この平和さにあてられた所為で、私はこの村で自分の意思によらず……とどまる羽目に陥っているのだ。
「おい、イスカ爺さんの所、また大金星だ。貴族のお目にかかったってよお、あそこの畑は本当に優秀だなあ」
「ホントかよ、あやかりてえ」
「バーカ、あそこのは別格だよ。羨ましけりゃ、良い種見つけてくるんだな」
外からの声は聞こえる。こちらからの声も、当然聞こえる。
しかし私が口を開くことはもうない。それにはいくつか理由がある。
一つ、既にもう、散々試した。そして無駄だと知った。
二つ、大声で喚き続けた所為で、私の喉はもう潰れている。
そして三つ目……。
ギ、と粗末な小屋の扉が開く。
そこから差し込む久しぶりの日の光に、思わず目を細めた。私の瞳孔はすっかり暗さになれていたが、彼らの余りに規則正しい生活音から、時間感覚を失うことは許されなかった。
……それが可能だったなら、もっと早く私は狂うことが出来ただろうに。
長靴の重い足音が近づいてくる。
「よう、都会の方。そろそろ心の準備はいいかい?」
「……ぁ、ぁ」
「ああ悪いな、聞いても仕方ないわな」
悪い悪い、と言いながら、彼は私の軽くなった体を抱き上げた。
先ほどの二つに加えて、三つ目。もう声が出ないように、私の舌は処置済みとなった。
罵ってやろうとしても、私の口から声は出ない。もう、出ることはない。
暴れることも出来ない。

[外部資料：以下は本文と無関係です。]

Lemma osumo0 a : osum a (0, 0) = a.
Proof. destruct a; unfold osum; simpl; f_equal; lia. Qed.

Lemma ole_osum2l a b c : ole a b -> ole (osum a c) (osum b c).
Proof. unfold ole, osum; simpl; lia. Qed.

Lemma ole_osum2r a b c : ole b c -> ole (osum a b) (osum a c).
Proof. unfold ole, osum; simpl; lia. Qed.

Lemma ord2_has_min (P : ord2 -> Prop) : (exists o, P o) ->
  exists o, P o /\ forall o', P o' -> ole o o'.
Proof.
  intros [[n m] Pnm].
  destruct (dec_inh_nat_subset_has_unique_least_element (fun n => exists m, P (n, m)))
    as [n0 [[[m1 P1] Hn0] _]]; [intro; apply classic | eauto |].
  destruct (dec_inh_nat_subset_has_unique_least_element (fun m => P (n0, m)))
    as [m0 [[P0 Hm0] _]]; [intro; apply classic | eauto |].
  exists (n0, m0); split; [exact P0|].
  intros [n' m'] P'; unfold ole; simpl.
  specialize (Hn0 n' (ex_intro _ m' P')).
  destruct (Nat.eq_dec n0 n') as [<-|]; [right; auto | left; lia].
Qed.

Section Walks.
Variable G : OneGraph.

Lemma fwalk_trans u v w k1 k2 : fwalk G u v k1 -> fwalk G v w k2 -> fwalk G u w (k1 + k2).
Proof.
  induction 1; intros; simpl; [assumption|].
  econstructor; [eassumption | auto].
Qed.

Lemma fwalk_conn0 u v k : fwalk G u v k -> conn0 (V0 G) (adj G) u v.
Proof.
  induction 1; [apply rt_refl|].
  eapply rt_trans; [apply rt_step|]; eassumption.
Qed.

Lemma conn0_sym u v : conn0 (V0 G) (adj G) u v -> conn0 (V0 G) (adj G) v u.
Proof.
  induction 1; [apply rt_step, adj_sym | apply rt_refl | eapply rt_trans]; eauto.
Qed.

Lemma owalk_conn0 u v p : conn0 (V0 G) (adj G) u v -> owalk G v p -> owalk G u p.
Proof.
  intros Huv [Hp [q [Hq [Hqp Hvq]]]].
  split; [exact Hp|]. exists q; split; [exact Hq|]; split; [exact Hqp|].
  eapply rt_trans; eassumption.
Qed.

Lemma seg_trans a v b L1 L2 : seg G a (PNode G v) L1 -> seg G (PNode G v) b L2 ->
  exists L, seg G a b L /\ ole L (osum L1 L2).
Proof.
  destruct a as [u|p], b as [w|q]; simpl.
  - intros [k1 [W1 ->]] [k2 [W2 ->]].
    exists (0, k1 + k2); split; [exists (k1 + k2); split; [eapply fwalk_trans|]; eauto|].
    apply ole_refl.
  - intros [k1 [W1 ->]] [O2 ->].
    exists (omega_mul 1); split.
    + split; [|reflexivity]. eapply owalk_conn0, O2; eapply fwalk_conn0; eauto.
    + unfold ole, osum, omega_mul; simpl; lia.
  - intros [O1 ->] [k2 [W2 ->]].
    exists (omega_mul 1); split.
    + split; [|reflexivity]. eapply owalk_conn0, O1; apply conn0_sym; eapply fwalk_conn0; eauto.
    + unfold ole, osum, omega_mul; simpl; lia.
  - intros [O1 ->] [O2 ->].
    exists (omega_mul 2); split; [split; [exists v|]; auto | apply ole_refl].
Qed.

Lemma seg_omega_le2 a b L : seg G a b L -> fst L <= 2.
Proof.
  destruct a, b; simpl; [intros [k [_ ->]] | intros [_ ->] ..]; simpl; lia.
Qed.

Lemma wchain_seg_trans x v b L1 L2 : wchain G x (PNode G v) L1 ->
  seg G (PNode G v) b L2 -> exists L, wchain G x b L /\ ole L (osum L1 L2).
Proof.
  intros C S2; inversion C as [a b0 L Ha S1 | b0 L0 X a b0' L3 C0 HX Ha S1]; subst.
  - destruct (seg_trans _ _ _ _ _ S1 S2) as [L [S HL]].
    exists L; split; [eapply wc_start|]; eauto.
  - destruct (seg_trans _ _ _ _ _ S1 S2) as [L [S HL]].
    exists (osum L0 L); split; [eapply wc_step; eauto|].
    rewrite osumA; apply ole_osum2r, HL.
Qed.

Lemma wchain_trans_node0 y b2 L2 : wchain G y b2 L2 -> forall v, y = inl v ->
  forall x b L1, wchain G x b L1 -> holds G (inl v) b ->
  exists L, wchain G x b2 L /\ ole L (osum L1 L2).
Proof.
  induction 1 as [a b L Ha S | b L0 X a b' L3 C IH HX Ha S];
    intros v -> x b0 L1 C1 Hb0.
  - destruct a; simpl in Ha; [subst | contradiction].
    destruct b0; simpl in Hb0; [subst | contradiction].
    eapply wchain_seg_trans; eauto.
  - destruct (IH v eq_refl x b0 L1 C1 Hb0) as [L [C' HL]].
    exists (osum L L3); split; [eapply wc_step; eauto|].
    rewrite <- osumA; apply ole_osum2l, HL.
Qed.

Lemma wchain_trans_node1 y b2 L2 : wchain G y b2 L2 -> forall X, y = inr X ->
  forall x b L1, wchain G x b L1 -> holds G (inr X) b -> wchain G x b2 (osum L1 L2).
Proof.
  induction 1 as [a b L Ha S | b L0 X a b' L3 C IH HX Ha S];
    intros X0 -> x b0 L1 C1 Hb0.
  - exact (wc_step G x b0 L1 X0 a b L C1 Hb0 Ha S).
  - rewrite <- osumA; exact (wc_step G x b _ X a b' L3 (IH X0 eq_refl x b0 L1 C1 Hb0) HX Ha S).
Qed.

Lemma walk_trans_node1 x X z L1 L2 : walk G x (inr X) L1 -> walk G (inr X) z L2 ->
  walk G x z (osum L1 L2).
Proof.
  intros [[-> ->]|[b [C1 H1]]] [[<- ->]|[b2 [C2 H2]]].
  - left; split; reflexivity.
  - rewrite osum0o; right; eauto.
  - rewrite osumo0; right; eauto.
  - right; exists b2; split; [eapply wchain_trans_node1|]; eauto.
Qed.

Lemma walk_trans x y z L1 L2 : walk G x y L1 -> walk G y z L2 ->
  exists L, walk G x z L /\ ole L (osum L1 L2).
Proof.
  intros W1 W2; destruct y as [v|X].
  2: exists (osum L1 L2); split; [eapply walk_trans_node1; eauto | apply ole_refl].
  destruct W1 as [[-> ->]|[b [C1 H1]]].
  - exists L2; rewrite osum0o; split; [auto | apply ole_refl].
  - destruct W2 as [[<- ->]|[b2 [C2 H2]]].
    + exists L1; rewrite osumo0; split; [right; eauto | apply ole_refl].
    + destruct (wchain_trans_node0 _ _ _ C2 v eq_refl _ _ _ C1 H1) as [L [C HL]].
      exists L; split; [right|]; eauto.
Qed.

(* Walks are cut at 1-nodes only; since each 0-walk has length below omega * 3, the
   omega-coefficient of the first piece can be brought within 1 of any target t. *)
Lemma wchain_split x b L : wchain G x b L -> forall y t, holds G y b ->
  exists w P S, walk G x w P /\ walk G w y S /\ L = osum P S /\
    fst P <= t /\ Nat.min t (fst L) <= fst P + 1.
Proof.
  induction 1 as [a b L Ha S | b L1 X a b' L2 C IH HX Ha S]; intros y t Hy;
    pose proof (seg_omega_le2 _ _ _ S).
  - assert (W : walk G x y L) by (right; exists b; split; [eapply wc_start|]; eauto).
    destruct (le_lt_dec (fst L) t).
    + exists y, L, (0, 0); repeat split; [exact W | left; auto | now rewrite osumo0 | lia | lia].
    + exists x, (0, 0), L; repeat split; [left; auto | exact W | now rewrite osum0o |..];
        simpl; lia.
  - assert (W : walk G x y (osum L1 L2)) by (right; exists b'; split; [eapply wc_step|]; eauto).
    assert (W2 : walk G (inr X) y L2) by (right; exists b'; split; [eapply wc_start|]; eauto).
    change (fst (osum L1 L2)) with (fst L1 + fst L2).
    destruct (le_lt_dec (fst L1 + fst L2) t); [|destruct (le_lt_dec (fst L1) t)].
    + exists y, (osum L1 L2), (0, 0);
        repeat split; [exact W | left; auto | now rewrite osumo0 |..]; simpl; lia.
    + exists (inr X), L1, L2; repeat split; [right; eauto | exact W2 | lia | lia].
    + destruct (IH (inr X) t HX) as [w [P [S' [W1 [WS' [-> [HP1 HP2]]]]]]].
      exists w, P, (osum S' L2);
        repeat split; [exact W1 | eapply walk_trans_node1; eauto | now rewrite osumA |..];
        simpl in *; lia.
Qed.

Lemma walk_split x y L t : walk G x y L ->
  exists w P S, walk G x w P /\ walk G w y S /\ L = osum P S /\
    fst P <= t /\ Nat.min t (fst L) <= fst P + 1.
Proof.
  intros [[-> ->]|[b [C Hb]]]; [|eapply wchain_split; eauto].
  exists y, (0, 0), (0, 0); repeat split; try (left; auto); simpl; lia.
Qed.

Lemma is_wdist_wdist x y L : walk G x y L -> is_wdist G x y (wdist G x y).
Proof. intro W; unfold wdist; apply epsilon_spec, ord2_has_min; eauto. Qed.

Lemma wdist_refl x : ole (wdist G x x) (omega_mul 0).
Proof.
  assert (W : walk G x x (0, 0)) by (left; auto).
  exact (proj2 (is_wdist_wdist _ _ _ W) _ W).
Qed.

Hypothesis wconnectedG : wconnected G.

Lemma wdist_walk x y : walk G x y (wdist G x y).
Proof. destruct (wconnectedG x y) as [L W]; exact (proj1 (is_wdist_wdist _ _ _ W)). Qed.

Lemma wdist_min x y L : walk G x y L -> ole (wdist G x y) L.
Proof. intro W; exact (proj2 (is_wdist_wdist _ _ _ W) _ W). Qed.

Lemma wdist_triangle x y z : ole (wdist G x z) (osum (wdist G x y) (wdist G y z)).
Proof.
  destruct (walk_trans _ _ _ _ _ (wdist_walk x y) (wdist_walk y z)) as [L [W HL]].
  exact (ole_trans _ _ _ (wdist_min _ _ _ W) HL).
Qed.

Lemma node_at_level x c s : s <= fst (wdist G x c) ->
  exists w, s <= fst (wdist G w c) <= s + 1.
Proof.
  intro Hs.
  destruct (walk_split x c _ (fst (wdist G x c) - s) (wdist_walk x c))
    as [w [P [S [WP [WS [E [HP1 HP2]]]]]]].
  exists w.
  assert (Hup : fst (wdist G w c) <= fst S) by exact (ole_fst _ _ (wdist_min _ _ _ WS)).
  assert (Hlow : fst (wdist G x c) <= fst P + fst (wdist G w c)).
  { destruct (walk_trans _ _ _ _ _ WP (wdist_walk w c)) as [L [W HL]].
    exact (ole_fst _ _ (ole_trans _ _ _ (wdist_min _ _ _ W) HL)). }
  assert (Hsum : fst (wdist G x c) = fst P + fst S) by (rewrite E; reflexivity).
  lia.
Qed.

Lemma hyper_at_levels (x : hyper G) c (s : Z -> nat -> nat) :
  (forall i n, s i n <= fst (wdist G (x n) c)) ->
  exists g : Z -> hyper G, forall i n, s i n <= fst (wdist G (g i n) c) <= s i n + 1.
Proof.
  intro Hs.
  destruct (choice
    (fun (p : Z * nat) w => s (fst p) (snd p) <= fst (wdist G w c) <= s (fst p) (snd p) + 1))
    as [f Hf]; [intros [i n]; exact (node_at_level _ _ _ (Hs i n)) |].
  exists (fun i n => f (i, n)); intros i n; exact (Hf (i, n)).
Qed.

End Walks.

Section Ultrafilter.
Variable F : (nat -> Prop) -> Prop.
Hypothesis F_ultra : free_ultrafilter F.

Lemma uf_full (A : nat -> Prop) : (forall n, A n) -> F A.
Proof.
  destruct F_ultra as [FT [_ [Fmono _]]].
  intro HA; exact (Fmono _ _ (fun n _ => HA n) FT).
Qed.

Lemma uf_weaken (A B : nat -> Prop) : (forall n, A n -> B n) -> F A -> F B.
Proof. destruct F_ultra as [_ [_ [Fmono _]]]; exact (Fmono A B). Qed.

Lemma uf_and (A B : nat -> Prop) : F A -> F B -> F (fun n => A n /\ B n).
Proof. destruct F_ultra as [_ [_ [_ [Fand _]]]]; exact (Fand A B). Qed.

Lemma uf_nonempty (A : nat -> Prop) : F A -> exists n, A n.
Proof.
  destruct F_ultra as [_ [Fnot0 [Fmono _]]].
  intro FA; apply NNPP; intro H.
  apply Fnot0, (Fmono A); [intros n An; apply H; exists n |]; assumption.
Qed.

Lemma uf_complement (A : nat -> Prop) : ~ F A -> F (fun n => ~ A n).
Proof. destruct F_ultra as [_ [_ [_ [_ [Fult _]]]]]; intro; destruct (Fult A); tauto. Qed.

Definition level (h : nat) (i : Z) : nat := h * Z.to_nat (Z.of_nat h + i).

Lemma level_le h i : (Z.abs i <= Z.of_nat h)%Z -> level h i <= 2 * (h * h).
Proof. unfold level; nia. Qed.

Lemma level_ge h i : (Z.abs i < Z.of_nat h)%Z -> h <= level h i.
Proof. unfold level; nia. Qed.

Lemma level_gap h i j : (i < j)%Z -> (Z.abs i <= Z.of_nat h)%Z ->
  (Z.abs j <= Z.of_nat h)%Z -> level h i + h <= level h j.
Proof. unfold level; nia. Qed.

いくつか腱を切られた私は、もう抵抗が出来ない。
「ま、二、三回産ませてみんべ。当たりだったら良いんだが……外れだったら潰すしかねえな」
ここがあの栄光の……村だなんて、そんな。
嘘だった。
全てが、虚偽に彩られていた。
ただの一記者が、踏み込むべき領域ではなかった。
私が知っていたのは、ただ、ここがかの誇るべき……!
「ウチの稼ぎ頭の畑になれる位、頑張ってくれや。一頭養うにも、金がかかってしょうがねえんだから」
「ぅ……、う! ぁぇ!」
「おうおう、元気だあな。良いこっこ産んでくれや」
こんな場所、こんな地獄。
これがかの勇者の生まれ故郷だなんて、そんなことがあるはずがない。
ここは地獄だ。掛け値なしの地獄だ。
神は、こんな場所の存在を許すのか?
何故、この村の人間達はのうのうと生きている?
「んぁ……!」
――既に意味ある音も出せない口から、神に向けた言葉を投げるが、それは何も効果を成さない。

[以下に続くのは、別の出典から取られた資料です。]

(* Let $k,n\ge1$ and $T:\{0,1\}^k\to\{0,1\}$ be a truth table. Assume that for every triple $(\mathbf z^{[1]},\mathbf z^{[0]},\mathbf z^{[-1]})$ of $n$-bit strings and every nonempty $S\subseteq\{1,0,-1\}$, the probability $\mathbf E_\sigma\mathbf 1[\mathbf z^{[t]}\not\vdash\sigma\ \forall t\in S]$ depends on the triple only through its configuration basis numbers $(n_s)_{s\in\{0,1\}^3}$ and is a polynomial in the quantities $n_s+n_{\bar s}$. Then for every function $f:\{0,1\}^3\to\mathbb C$, the expectation $$\mathbf E_\sigma f\big(\mathbf 1[\mathbf z^{[1]}\not\vdash\sigma],\mathbf 1[\mathbf z^{[0]}\not\vdash\sigma],\mathbf 1[\mathbf z^{[-1]}\not\vdash\sigma]\big)$$ is a polynomial in the quantities $n_s+n_{\bar s}$, $s\in\{0,1\}^3$.
   Context: A clause on $n$ variables is $\sigma=((l_0,\nu_0),\dots,(l_{k-1},\nu_{k-1}))$ with $l_q\in\{0,\dots,n-1\}$, $\nu_q\in\{0,1\}$; $\mathbf x\in\{0,1\}^n$ satisfies $\sigma$ ($\mathbf x\vdash\sigma$) iff $T(x_{l_0}\oplus\nu_0,\dots,x_{l_{k-1}}\oplus\nu_{k-1})=1$, and violates it ($\mathbf x\not\vdash\sigma$) otherwise. A random clause has all $l_q$ independent uniform in $\{0,\dots,n-1\}$ and all $\nu_q$ independent uniform in $\{0,1\}$; $\mathbf E_\sigma$ is expectation over it. Configuration basis numbers of the triple: $n_s=|\{j:(z^{[1]}_j,z^{[0]}_j,z^{[-1]}_j)=s\}|$; $\bar s$ is the bitwise complement of $s$. *)

From HB Require Import structures.
From mathcomp Require Import all_boot all_order all_algebra all_field.
From mathcomp Require Import mpoly.
Set Implicit Arguments. Unset Strict Implicit. Unset Printing Implicit Defensive.
Import Order.TTheory GRing.Theory Num.Theory.
Local Open Scope ring_scope.

(* A clause on n variables of width k: q |-> (l_q, nu_q). *)
Definition clause (k n : nat) := {ffun 'I_k -> 'I_n * bool}.

Definition satisfies (k n : nat) (T : {ffun 'I_k -> bool} -> bool)
  (x : {ffun 'I_n -> bool}) (sigma : clause k n) : bool :=
  T [ffun q => x (sigma q).1 (+) (sigma q).2].

Definition violates k n T x (sigma : clause k n) : bool := ~~ satisfies T x sigma.

Definition Eclause (k n : nat) (g : clause k n -> algC) : algC :=
  (\sum_(sigma : clause k n) g sigma) / #|{: clause k n}|%:R.

(* configurations s in {0,1}^3, ordered as (z^[1]_j, z^[0]_j, z^[-1]_j) *)
Definition cfg := (bool * bool * bool)%type.
Definition cfg_compl (s : cfg) : cfg := (~~ s.1.1, ~~ s.1.2, ~~ s.2).

(* a triple of n-bit strings: index 0 = z^[1], 1 = z^[0], 2 = z^[-1] *)
Definition triple (n : nat) := 'I_3 -> {ffun 'I_n -> bool}.

Definition config n (z : triple n) (j : 'I_n) : cfg :=
  (z ord0 j, z (inord 1) j, z (inord 2) j).

Definition nconf n (z : triple n) (s : cfg) : nat :=
  #|[set j : 'I_n | config z j == s]|.

Definition sumpoint n (z : triple n) : 'I_#|{: cfg}| -> algC :=
  fun i => (nconf z (enum_val i) + nconf z (cfg_compl (enum_val i)))%:R.

Definition poly_in_sums n (g : triple n -> algC) : Prop :=
  exists P : {mpoly algC[#|{: cfg}|]}, forall z : triple n, g z = P.@[sumpoint z].

(* The functions g of the set of violated strings whose expectation
   E_sigma g(violated set) is a polynomial in the sums n_s + n_{bar s} form a
   vector space.  By hypothesis it contains every up-set indicator [S ⊆ ·]
   (for S empty this is the constant 1).  By Möbius inversion over the subset
   lattice the up-set indicators span all functions on {set 'I_3}, and f is
   such a function of the violated set. *)

From mathcomp Require Import all_boot all_order all_algebra all_field.
From mathcomp Require Import mpoly.
Set Implicit Arguments. Unset Strict Implicit. Unset Printing Implicit Defensive.
Import GRing.Theory Num.Theory.
Local Open Scope ring_scope.

Section SubsetIndicatorSpan.
Variables (R : pzRingType) (I : finType) (V : ({set I} -> R) -> Prop).
Hypothesis eq_V : forall g h, g =1 h -> V g -> V h.
Hypothesis V0 : V (fun _ => 0).
Hypothesis VD : forall g h, V g -> V h -> V (fun B => g B + h B).
Hypothesis VZ : forall c g, V g -> V (fun B => c * g B).
Hypothesis V_subset : forall S : {set I}, V (fun B => (S \subset B)%:R).

Lemma V_sum (J : Type) (r : seq J) (P : pred J) (F : J -> {set I} -> R) :
  (forall j, P j -> V (F j)) -> V (fun B => \sum_(j <- r | P j) F j B).
Proof.
move=> VF; elim: r => [|j r IHr].
  by apply: eq_V V0 => B; rewrite big_nil.
have [Pj|nPj] := boolP (P j).
  by apply: eq_V (VD (VF j Pj) IHr) => B; rewrite big_cons Pj.
by apply: eq_V IHr => B; rewrite big_cons (negbTE nPj).
Qed.

Lemma sum_eq_indicator (P : pred {set I}) (B : {set I}) :
  \sum_(A | P A) (B == A)%:R = (P B)%:R :> R.
Proof.
have [PB|nPB] := boolP (P B).
  rewrite (bigD1 B) //= eqxx big1 ?addr0 // => A /andP[_ nAB].
  by rewrite eq_sym (negbTE nAB).
by rewrite big1 // => A PA; case: eqVneq => // eBA; rewrite eBA PA in nPB.
Qed.

Lemma V_eq_indicator (A : {set I}) : V (fun B => (B == A)%:R).
Proof.
elim: {A}#|~: A| {-2}A (leqnn #|~: A|) => [|m IHm] A leAm.
  have -> : A = setT.
    by move: leAm; rewrite leqn0 cards_eq0 => /eqP CA0; rewrite -[A]setCK CA0 setC0.
  by apply: eq_V (V_subset setT) => B; rewrite subTset.
have V_proper : forall A' : {set I}, A \proper A' -> V (fun B => (B == A')%:R).
  move=> A' ltAA'; apply: IHm; rewrite -ltnS (leq_trans _ leAm) //.
  by rewrite proper_card // properC.
(* [B == A] = [A ⊆ B] - [A ⊂ B], the last term being a sum over strictly larger sets *)
apply: eq_V (VD (V_subset A) (VZ (-1) (V_sum (index_enum _) V_proper))) => B.
rewrite sum_eq_indicator subEproper mulN1r.
by have [->|nBA] := eqVneq B A; rewrite ?properxx ?subr0 // subrr.
Qed.

Lemma subset_indicators_span (f : {set I} -> R) : V f.
Proof.
have V_terms A : xpredT A -> V (fun B => f A * (B == A)%:R).
  by move=> _; apply/VZ/V_eq_indicator.
apply: eq_V (V_sum (index_enum _) V_terms) => B.
under eq_bigr do rewrite mulr_natr mulrb eq_sym.
by rewrite -big_mkcond big_pred1_eq.
Qed.

End SubsetIndicatorSpan.

Section PolyInSums.
Variable n : nat.
Implicit Types g h : triple n -> algC.

Lemma eq_poly_in_sums g h : g =1 h -> poly_in_sums g -> poly_in_sums h.
Proof. by move=> eq_gh [P gP]; exists P => z; rewrite -eq_gh. Qed.

Lemma poly_in_sumsC c : poly_in_sums (fun _ : triple n => c).
Proof. by exists c%:MP => z; rewrite mevalC. Qed.

Lemma poly_in_sumsD g h :
  poly_in_sums g -> poly_in_sums h -> poly_in_sums (fun z => g z + h z).
Proof. by move=> [P gP] [Q hQ]; exists (P + Q) => z; rewrite mevalD gP hQ. Qed.

Lemma poly_in_sumsZ c g : poly_in_sums g -> poly_in_sums (fun z => c * g z).
Proof. by move=> [P gP]; exists (c *: P) => z; rewrite mevalZ gP. Qed.

End PolyInSums.

Section Eclause.
Variables k n : nat.
Implicit Types g h : clause k n -> algC.

Lemma eq_Eclause g h : g =1 h -> Eclause g = Eclause h.
Proof. by move=> eq_gh; rewrite /Eclause (eq_bigr _ (fun s _ => eq_gh s)). Qed.

Lemma EclauseD g h : Eclause (fun s => g s + h s) = Eclause g + Eclause h.
Proof. by rewrite /Eclause big_split mulrDl. Qed.

Lemma EclauseZ c g : Eclause (fun s => c * g s) = c * Eclause g.
Proof. by rewrite /Eclause -mulr_sumr mulrA. Qed.

Lemma Eclause_cst c : (0 < n)%N -> Eclause (fun _ : clause k n => c) = c.
Proof.
move=> n_gt0; have card_gt0 : (0 < #|{: clause k n}|)%N.
  by apply/card_gt0P; exists [ffun=> (Ordinal n_gt0, false)].
by rewrite /Eclause sumr_const -[c *+ _]mulr_natr mulfK // pnatr_eq0 -lt0n.
Qed.

End Eclause.

Section ViolatedSet.
Variables (k n : nat) (T : {ffun 'I_k -> bool} -> bool).

Definition violated_set (z : triple n) (sigma : clause k n) : {set 'I_3} :=
  [set t | violates T (z t) sigma].

Definition poly_expected_violation (g : {set 'I_3} -> algC) : Prop :=
  poly_in_sums (fun z => Eclause (fun sigma => g (violated_set z sigma))).

Lemma eq_poly_expected_violation g h :
  g =1 h -> poly_expected_violation g -> poly_expected_violation h.
Proof.
by move=> eq_gh; apply: eq_poly_in_sums => z; apply: eq_Eclause => s.
Qed.

Lemma poly_expected_violationD g h :
  poly_expected_violation g -> poly_expected_violation h ->
  poly_expected_violation (fun B => g B + h B).
Proof.
move=> Pg Ph; apply: eq_poly_in_sums (poly_in_sumsD Pg Ph) => z.
by rewrite EclauseD.
Qed.

Lemma poly_expected_violationZ c g :
  poly_expected_violation g -> poly_expected_violation (fun B => c * g B).
Proof.
move=> Pg; apply: eq_poly_in_sums (poly_in_sumsZ c Pg) => z.
by rewrite EclauseZ.
Qed.

Lemma poly_expected_violation_cst c :
  (0 < n)%N -> poly_expected_violation (fun _ => c).
Proof.
move=> n_gt0; apply: eq_poly_in_sums (poly_in_sumsC n c) => z.
by rewrite Eclause_cst.
Qed.

Lemma poly_expected_violation_subset (S : {set 'I_3}) :
  poly_in_sums (fun z : triple n => Eclause (fun sigma : clause k n =>
    ([forall t in S, violates T (z t) sigma] : bool)%:R)) ->
  poly_expected_violation (fun B => (S \subset B)%:R).
Proof.
apply: eq_poly_in_sums => z; apply: eq_Eclause => sigma.
congr (nat_of_bool _)%:R; apply/idP/idP => [/forall_inP Sviol|/subsetP Sviol].
  by apply/subsetP => t /Sviol; rewrite inE.
by apply/forall_inP => t /Sviol; rewrite inE.
Qed.

End ViolatedSet.

Theorem mainTheorem5 (k n : nat) (T : {ffun 'I_k -> bool} -> bool) :
  (0 < k)%N -> (0 < n)%N ->
  (forall S : {set 'I_3}, S != set0 ->
     poly_in_sums (fun z : triple n =>
       Eclause (fun sigma : clause k n =>
         ([forall t in S, violates T (z t) sigma] : bool)%:R))) ->
  forall f : cfg -> algC,
    poly_in_sums (fun z : triple n =>
      Eclause (fun sigma : clause k n =>
        f (violates T (z ord0) sigma, violates T (z (inord 1)) sigma,
           violates T (z (inord 2)) sigma))).
Proof.
move=> _ n_gt0 Psubset f.
pose fB (B : {set 'I_3}) := f (ord0 \in B, inord 1 \in B, inord 2 \in B).
have PfB : @poly_expected_violation k n T fB.
  apply: (@subset_indicators_span _ _ (@poly_expected_violation k n T))
    => [g h|||c g|S].
  - exact: eq_poly_expected_violation.
  - exact: poly_expected_violation_cst.
  - exact: poly_expected_violationD.
  - exact: poly_expected_violationZ.
  - have [->|S0] := eqVneq S set0.
      apply: eq_poly_expected_violation (poly_expected_violation_cst T 1 n_gt0).
      by move=> B; rewrite sub0set.
    exact: poly_expected_violation_subset (Psubset S S0).
apply: eq_poly_in_sums PfB => z; apply: eq_Eclause => sigma.
by rewrite /fB !inE.
Qed.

その誰にも聞かれない言葉が、神に祈るものか、神を呪うものかすら、本人以外には知られることのないまま、広い畜舎の中に消えていく。
「それじゃ、他の奴とも仲良くしろよ? ウチの牧場の名に傷つけたら承知しねえかんな」
そう言って、男は。
最早人間の尊厳を奪われた、ある家畜を、自分の牧場のケージに閉じ込める。
――そして、いつもどおりの日々は続く。
何故なら、これがこの村の日常であったから。
他の地区から隔離されて見えない敷地、そこに点在するのは、牧場。人間の、牧場。
セネカ国サーヴァンテセカ村。その特産品は、人間。
それが、『勇者』サリー・スノウホワイトの生まれ故郷……その現在の姿であった。